**Work order:** Copy exactly the lines of the data below that run from the line holding "move=> /fin_all_exists[g vg]." through the line holding "Lemma card_classes_mod12 (x", both ends included.
##########
(* Let $\mathbf v\in\mathbb Z^4$ satisfy $Q_{\mathcal D}(\mathbf v)=4$, and let $\mathcal C$ be the set of all integers occurring as a coordinate of some element of the orbit $\mathcal A[\mathbf v]$ (the curvatures of the corresponding integral hyperbolic Apollonian packing). Then the set of residues modulo $12$ of elements of $\mathcal C$ omits at least three congruence classes modulo $12$.
   Context: $Q_{\mathcal D}(a,b,c,d)=2(a^2+b^2+c^2+d^2)-(a+b+c+d)^2$. $\mathbf S_i$ ($i=1,\dots,4$) is the $4\times4$ integer matrix replacing the $i$-th coordinate $a_i$ of a column vector by $2\sum_{j\ne i}a_j-a_i$, other coordinates fixed; the Apollonian group $\mathcal A$ is the subgroup of $GL(4,\mathbb Z)$ they generate, and $\mathcal A[\mathbf v]=\{\mathbf U\mathbf v:\mathbf U\in\mathcal A\}$. *)

From HB Require Import structures.
From mathcomp Require Import all_boot all_order all_algebra.
Set Implicit Arguments. Unset Strict Implicit. Unset Printing Implicit Defensive.
Import Order.TTheory GRing.Theory Num.Theory.
Local Open Scope ring_scope.

Definition QD (v : 'cV[int]_4) : int :=
  2 * (\sum_(i < 4) v i 0 ^+ 2) - (\sum_(i < 4) v i 0) ^+ 2.

Definition apolS (i : 'I_4) : 'M[int]_4 :=
  \matrix_(r < 4, c < 4)
    (if r == i then (if c == i then -1 else 2) else (r == c)%:R).

Inductive apollonian_group : 'M[int]_4 -> Prop :=
  | ag_gen (i : 'I_4) : apollonian_group (apolS i)
  | ag_one : apollonian_group 1%:M
  | ag_mul U V : apollonian_group U -> apollonian_group V ->
                 apollonian_group (U *m V)
  | ag_inv U : apollonian_group U -> U \in unitmx ->
               apollonian_group (invmx U).

Definition apollonian_orbit (v : 'cV[int]_4) (w : 'cV[int]_4) : Prop :=
  exists U, apollonian_group U /\ w = U *m v.

Definition curvatures (v : 'cV[int]_4) (c : int) : Prop :=
  exists w, apollonian_orbit v w /\ exists j : 'I_4, w j 0 = c.

From mathcomp Require Import all_boot all_order all_algebra.
From mathcomp Require Import zify ring.
Set Implicit Arguments. Unset Strict Implicit. Unset Printing Implicit Defensive.
Import Order.TTheory GRing.Theory Num.Theory.
Local Open Scope ring_scope.

(* The generator S_k moves only the k-th coordinate, by 2 s - 4 w_k where s
   is the coordinate sum.  So the parity of s is an orbit invariant, and when
   s is even every coordinate is constant modulo 4 along the orbit; Q_D(v) = 4
   forces s to be even.  If the coordinates of v met all four classes modulo
   4, then Q_D(v) would be congruent modulo 8 to Q_D(0,1,2,3) = -8, not to 4.
   Hence some class x modulo 4 contains no curvature, and neither do the
   classes x, x + 4, x + 8 modulo 12. *)

Definition sumc n (w : 'cV[int]_n) : int := \sum_(i < n) w i 0.

Lemma apolS_mulE k (w : 'cV[int]_4) i :
  (apolS k *m w) i 0 = w i 0 + (i == k)%:R * (2 * sumc w - 4 * w k 0).
Proof.
rewrite mxE; under eq_bigr do rewrite mxE.
have [-> | neq_ik] := eqVneq i k; last first.
  rewrite mul0r addr0 (bigD1 i) //= eqxx mul1r big1 ?addr0 //.
  by move=> j /negPf neq_ji; rewrite eq_sym neq_ji mul0r.
rewrite /sumc (bigD1 k) // [in RHS](bigD1 k) //= eqxx.
rewrite (eq_bigr (fun j => 2 * w j 0)) => [|j /negPf -> //].
rewrite -mulr_sumr; ring.
Qed.

Lemma sumc_apolS k (w : 'cV[int]_4) :
  sumc (apolS k *m w) = 3 * sumc w - 4 * w k 0.
Proof.
rewrite {1}/sumc (eq_bigr _ (fun i _ => apolS_mulE k w i)) big_split /=.
rewrite -big_distrl /= -/(sumc w) (bigD1 k) //= eqxx big1 => [|i /negPf -> //].
rewrite /= addr0; ring.
Qed.

(* The parity clause is what makes this closed under products and inverses. *)
Definition fixes_classes_mod4 (U : 'M[int]_4) : Prop :=
  forall w : 'cV[int]_4,
    (sumc (U *m w) = sumc w %[mod 2])%Z /\
    ((2 %| sumc w)%Z -> forall i, ((U *m w) i 0%R = w i 0%R %[mod 4])%Z).

Lemma fixes_classes_mod4_apolS k : fixes_classes_mod4 (apolS k).
Proof.
move=> w; rewrite sumc_apolS; split=> [|even_w i]; first lia.
rewrite apolS_mulE; case: (i == k) => /=; lia.
Qed.

Lemma fixes_classes_mod4_1 : fixes_classes_mod4 1%:M.
Proof. by move=> w; rewrite mul1mx. Qed.

Lemma fixes_classes_mod4_mul U V :
  fixes_classes_mod4 U -> fixes_classes_mod4 V -> fixes_classes_mod4 (U *m V).
Proof.
move=> fixU fixV w; rewrite -mulmxA.
have [sumV modV] := fixV w; have [sumU modU] := fixU (V *m w).
split=> [|even_w i]; first by rewrite sumU.
have even_Vw : (2 %| sumc (V *m w))%Z by move: even_w sumV; lia.
by rewrite modU // modV.
Qed.

Lemma fixes_classes_mod4_inv U :
  U \in unitmx -> fixes_classes_mod4 U -> fixes_classes_mod4 (invmx U).
Proof.
move=> unitU fixU w; have [sumU modU] := fixU (invmx U *m w).
rewrite mulmxA mulmxV // mul1mx in sumU modU.
split=> [|even_w i]; first by rewrite sumU.
have even_Uw : (2 %| sumc (invmx U *m w))%Z by move: even_w sumU; lia.
by rewrite modU.
Qed.

Lemma apollonian_fixes_classes_mod4 U :
  apollonian_group U -> fixes_classes_mod4 U.
Proof.
elim=> [k | | {}U V _ fixU _ fixV | {}U _ fixU unitU].
- exact: fixes_classes_mod4_apolS.
- exact: fixes_classes_mod4_1.
- exact: fixes_classes_mod4_mul.
- exact: fixes_classes_mod4_inv.
Qed.

Lemma apollonian_orbit_mod4 v w :
  (2 %| sumc v)%Z -> apollonian_orbit v w ->
  forall i, (w i 0%R = v i 0%R %[mod 4])%Z.
Proof.
by move=> even_v [U [agU ->]]; have [_] := apollonian_fixes_classes_mod4 agU v; apply.
Qed.

Lemma Euclid_dvdzX (p : nat) (m : int) n :
  prime p -> (p %| m ^+ n.+1)%Z = (p %| m)%Z.
Proof. by move=> p_pr; rewrite /dvdz !unfold_in abszX Euclid_dvdX ?andbT. Qed.

Lemma dvd2_QD v : (2 %| QD v)%Z = (2 %| sumc v)%Z.
Proof.
rewrite /QD -/(sumc v) rpredBl; last exact/dvdz_mulr/dvdzz.
exact: (@Euclid_dvdzX 2).
Qed.

Lemma QD_add_mul4_mod8 v k : (QD (v + 4 *: k) = QD v %[mod 8])%Z.
Proof.
rewrite /QD.
have sumD : \sum_(i < 4) (v + 4 *: k) i 0 =
    \sum_(i < 4) v i 0 + 4 * \sum_(i < 4) k i 0.
  by rewrite mulr_sumr -big_split; apply: eq_bigr => i _; rewrite !mxE.
have sqD : \sum_(i < 4) (v + 4 *: k) i 0 ^+ 2 = \sum_(i < 4) v i 0 ^+ 2
    + 8 * \sum_(i < 4) v i 0 * k i 0 + 16 * \sum_(i < 4) k i 0 ^+ 2.
  rewrite !mulr_sumr -!big_split; apply: eq_bigr => i _; rewrite !mxE /=; ring.
rewrite sumD sqD; apply/eqP; rewrite eqz_mod_dvd; apply/dvdzP.
set s := \sum_(i < 4) v i 0; set t := \sum_(i < 4) k i 0.
set vk := \sum_(i < 4) v i 0 * k i 0; set kk := \sum_(i < 4) k i 0 ^+ 2.
by exists (2 * vk + 4 * kk - s * t - 2 * t ^+ 2); ring.
Qed.

Lemma QD_perm_0123 (v : 'cV[int]_4) (g : 'I_4 -> 'I_4) :
  injective g -> (forall x, v (g x) 0 = x%:Z) -> QD v = -8.
Proof.
move=> inj_g vg.
rewrite /QD [\sum_(i < 4) v i 0 ^+ 2](reindex_inj inj_g).
rewrite [\sum_(i < 4) v i 0](reindex_inj inj_g) /=.
rewrite (eq_bigr (fun x : 'I_4 => x%:Z ^+ 2)) => [|x _]; last by rewrite vg.
rewrite (eq_bigr (fun x : 'I_4 => x%:Z)) => [|x _]; last by rewrite vg.
by rewrite !big_ord_recr !big_ord0.
Qed.

Lemma QD_all_classes_mod4 (v : 'cV[int]_4) :
  (forall x : 'I_4, exists i, (v i 0%R %% 4)%Z = x%:Z) -> (8 %| QD v)%Z.
Proof.
move=> /fin_all_exists[g vg].
have inj_g : injective g.
  by move=> x y gxy; apply: val_inj; have := vg y; rewrite -gxy vg => -[].
pose r := \col_i (v i 0%R %% 4)%Z; pose q := \col_i (v i 0%R %/ 4)%Z.
have -> : v = r + 4 *: q by apply/matrixP => i j; rewrite ord1 !mxE; lia.
have QDr : QD r = -8 by apply: (QD_perm_0123 inj_g) => x; rewrite mxE vg.
by have := QD_add_mul4_mod8 r q; rewrite QDr; lia.
Qed.

Lemma QD_missing_class_mod4 (v : 'cV[int]_4) :
  QD v = 4 -> exists x : 'I_4, forall i, (v i 0%R %% 4)%Z != x%:Z.
Proof.
move=> QDv.
have [/existsP[x /forallP missed] | ] :=
  boolP [exists x : 'I_4, [forall i, (v i 0%R %% 4)%Z != x%:Z]].
  by exists x.
rewrite negb_exists => /forallP hit.
have : (8 %| QD v)%Z.
  apply: QD_all_classes_mod4 => x.
  by have /forallPn[i /negPn /eqP] := hit x; exists i.
by rewrite QDv.
Qed.

Lemma card_classes_mod12 (x : 'I_4) :
  (3 <= #|[set r : 'I_12 | (r %% 4 == x)%N]|)%N.
Proof.
apply/card_gt2P; exists (inord x), (inord (x + 4)), (inord (x + 8)).
have x_lt4 := ltn_ord x.
rewrite !inE !inordK; try lia.
split; first by split; apply/eqP; lia.
by split; apply/eqP => /(congr1 val); rewrite /= !inordK; lia.
Qed.

Theorem theorem5p2 (v : 'cV[int]_4) :
  QD v = 4 ->
  exists A : {set 'I_12},
    (3 <= #|A|)%N /\
    forall c : int, curvatures v c ->
      forall r : 'I_12, r \in A -> (c %% 12)%Z != (nat_of_ord r)%:Z.
Proof.
move=> QDv.
have even_v : (2 %| sumc v)%Z by rewrite -dvd2_QD QDv.
have [x missed] := QD_missing_class_mod4 QDv.
exists [set r : 'I_12 | (r %% 4 == x)%N]; split; first exact: card_classes_mod12.
move=> c [w [orbit_w [j <-]]] r; rewrite inE => /eqP r_mod4.
have := apollonian_orbit_mod4 even_v orbit_w j; have := missed j.
lia.
Qed.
##########
**Task output:**
move=> /fin_all_exists[g vg].
have inj_g : injective g.
  by move=> x y gxy; apply: val_inj; have := vg y; rewrite -gxy vg => -[].
pose r := \col_i (v i 0%R %% 4)%Z; pose q := \col_i (v i 0%R %/ 4)%Z.
have -> : v = r + 4 *: q by apply/matrixP => i j; rewrite ord1 !mxE; lia.
have QDr : QD r = -8 by apply: (QD_perm_0123 inj_g) => x; rewrite mxE vg.
by have := QD_add_mul4_mod8 r q; rewrite QDr; lia.
Qed.

Lemma QD_missing_class_mod4 (v : 'cV[int]_4) :
  QD v = 4 -> exists x : 'I_4, forall i, (v i 0%R %% 4)%Z != x%:Z.
Proof.
move=> QDv.
have [/existsP[x /forallP missed] | ] :=
  boolP [exists x : 'I_4, [forall i, (v i 0%R %% 4)%Z != x%:Z]].
  by exists x.
rewrite negb_exists => /forallP hit.
have : (8 %| QD v)%Z.
  apply: QD_all_classes_mod4 => x.
  by have /forallPn[i /negPn /eqP] := hit x; exists i.
by rewrite QDv.
Qed.

Lemma card_classes_mod12 (x : 'I_4) :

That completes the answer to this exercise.